Cloud-Native Data Warehouse

The Cloud-Native Data Warehouse represents the first generation of truly cloud-built analytical platforms. Unlike on-premise warehouses (Teradata, Oracle) that were lifted-and-shifted to virtual machines in the cloud, cloud-native warehouses were architected from the ground up for cloud infrastructure. They separated compute from storage internally, offered pay-per-query or pay-per-second billing, eliminated all cluster management from the user's operational responsibility, and delivered dramatically better price-performance ratios than the systems they replaced.

Snowflake (founded 2012, generally available 2015) and Google BigQuery (launched 2011) pioneered this category. Both implemented disaggregated storage with elastic compute, handled all infrastructure scaling automatically, and offered a familiar SQL interface with no specialized operational skills required. Their success ended the era of on-premise warehouse appliances for most enterprise analytics use cases.

The Architecture

Cloud-native data warehouses store data in proprietary columnar formats in cloud object storage. This is a form of compute-storage separation, but the storage format is controlled by the warehouse vendor. Users load data in (via COPY commands or native connectors), the warehouse stores it in its proprietary format, and queries run against that proprietary store. Data is accessible from outside the warehouse only through the warehouse's own APIs, export features, or (more recently) native open format support like Snowflake's Iceberg Tables feature.

The query engines in these platforms are mature, highly optimized MPP systems. Snowflake's virtual warehouse concept allows multiple isolated compute clusters to query the same storage concurrently, which was a significant workload isolation innovation. BigQuery's slot-based resource model abstracts individual machines entirely, allocating compute capacity to query execution in a way that is invisible to the user.

Where the Open Lakehouse Fits

The primary limitations of cloud-native data warehouses are vendor lock-in and cost at scale for unstructured or semi-structured data. All data must live inside the warehouse's storage layer to be queryable at full performance. This creates a compulsion to move all data into the warehouse, which is expensive for large raw datasets that only a fraction of queries actually touch, and it makes it difficult to use open-source ML and AI tools that work natively with files in object storage.

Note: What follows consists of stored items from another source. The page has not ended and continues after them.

Inductive tyv : list ty -> val -> ty -> Prop :=
  | ty_star G : tyv G VStar TUnit
  | ty_zero G : tyv G VZ TNat
  | ty_succ G v : tyv G v TNat -> tyv G (VS v) TNat
  | ty_lam G t r M : tyc (t :: G) M r -> tyv G (VLam t M) (TArr t r)
  | ty_var G n t : nth_error G n = Some t -> tyv G (VVar n) t
with tyc : list ty -> comp -> ty -> Prop :=
  | ty_app G t r v w : tyv G v (TArr t r) -> tyv G w t -> tyc G (CApp v w) r
  | ty_ret G t v : tyv G v t -> tyc G (CRet v) t
  | ty_let G t r M N : tyc G M t -> tyc (t :: G) N r -> tyc G (CLet M N) r
  | ty_fix G t r v : tyv G v (TArr (TArr t r) (TArr t r)) -> tyc G (CFix v) (TArr t r)
  | ty_case G t v M N : tyv G v TNat -> tyc G M t -> tyc (TNat :: G) N t ->
      tyc G (CCase v M N) t
  | ty_op G t s Ms : ar s = AFin (length Ms) -> (forall M, In M Ms -> tyc G M t) ->
      tyc G (COp s Ms) t
  | ty_opP G t s v Ms : ar s = APFin (length Ms) -> tyv G v TNat ->
      (forall M, In M Ms -> tyc G M t) -> tyc G (COpP s v Ms) t
  | ty_opC G t s v : ar s = ACount -> tyv G v (TArr TNat t) -> tyc G (COpC s v) t
  | ty_opPC G t s v w : ar s = APCount -> tyv G v TNat -> tyv G w (TArr TNat t) ->
      tyc G (COpPC s v w) t.

(* a path is the list of child indices from the root; LAbs = position not in the tree *)
Inductive label (X : Type) : Type :=
  | LAbs | LBot | LLeaf (x : X) | LNode (s : Op) (m : option nat).
Arguments LAbs {X}. Arguments LBot {X}. Arguments LLeaf {X} x. Arguments LNode {X} s m.

Definition rtree (X : Type) : Type := list nat -> label X.

Definition nchildren (s : Op) : option nat :=
  match ar s with AFin n | APFin n => Some n | _ => None end.
Definition is_param (s : Op) : bool :=
  match ar s with APFin _ | APCount => true | _ => false end.
Definition valid_child (s : Op) (i : nat) : bool :=
  match nchildren s with Some n => i <? n | None => true end.
Lemma chernoff_sum_prod c lam n t : 0 < c -> `|lam| <= c -> 2 * c <= n%:R ->
  chernoff_sum c lam n t =
  \prod_(e in upper_pairs n) chernoff_bernoulli (c / n%:R) (sbm_q c lam n e.1 e.2) t.
Proof.
move=> c0; rewrite ler_norml => /andP[lam_ge lam_le] n_ge.
have n0 : 0 < n%:R :> R by lra.
have prob k : 0 <= k <= 2 * c -> 0 <= k / n%:R /\ 0 <= 1 - k / n%:R.
  move=> /andP[k0 k_le]; split; first by rewrite divr_ge0 // ltW.
  by rewrite subr_ge0 ler_pdivrMr // mul1r; lra.
have q_prob e : 0 <= sbm_q c lam n e.1 e.2 /\ 0 <= 1 - sbm_q c lam n e.1 e.2.
  by rewrite /sbm_q; case: ifP => _; apply: prob; lra.
have [p0 p1] : 0 <= c / n%:R /\ 0 <= 1 - c / n%:R by apply: prob; lra.
rewrite /chernoff_sum -bigA_distr_subset; apply: eq_bigr => A _.
rewrite /P0 /P1 /graph_prob !powR_prod.
- by rewrite -big_split; apply: eq_bigr => e _; case: ifP.
- by move=> e; case: ifP => _; case: (q_prob e).
- by move=> e; case: ifP => _; rewrite /er_q.
Qed.

Lemma chernoff_sum_blocks c lam m t : 0 < c -> `|lam| <= c -> c <= m%:R ->
  chernoff_sum c lam (2 * m) t =
  chernoff_bernoulli (c / (2 * m)%:R) ((c + lam) / (2 * m)%:R) t ^+ (m * (m - 1)) *
  chernoff_bernoulli (c / (2 * m)%:R) ((c - lam) / (2 * m)%:R) t ^+ (m * m).
Proof.
move=> c0 lam_le m_ge; rewrite chernoff_sum_prod //; last by rewrite natrM; lra.
rewrite (big_setID (same_block_pairs (2 * m))) /=.
rewrite (eq_bigr (fun=> chernoff_bernoulli (c / (2 * m)%:R) ((c + lam) / (2 * m)%:R) t));
  last by move=> e; rewrite !inE /sbm_q => /andP[_ ->].
rewrite [X in _ * X](eq_bigr (fun=> chernoff_bernoulli (c / (2 * m)%:R) ((c - lam) / (2 * m)%:R) t));
  last by move=> e; rewrite !inE /sbm_q => /andP[/negbTE -> _].
by rewrite !prodr_const card_block_pairs card_cross_pairs.
Qed.

End ChernoffSumFactorization.

Section ChernoffRate.
Context {R : realType}.
Implicit Types (c k lam s t : R).

Definition chernoff_rate c lam t :=
  (2 * c - c `^ (1 - t) * ((c + lam) `^ t + (c - lam) `^ t)) / 4.

Lemma chernoff_rateE c lam t :
  chernoff_rate c lam t = (amgm_gap c (c + lam) t + amgm_gap c (c - lam) t) / 4.
Proof. by rewrite /chernoff_rate /amgm_gap; ring. Qed.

The open Data Lakehouse (Apache Iceberg on S3 with Dremio as the query engine) retains the cloud-native warehouse's compute-storage separation and elastic scaling model while replacing the proprietary storage format with open Parquet files. Data stored in Iceberg format is readable by any engine that supports the Iceberg spec, with no vendor lock-in. This openness comes with slightly higher operational responsibility for table management (compaction, snapshot expiration) that the proprietary warehouses handle automatically.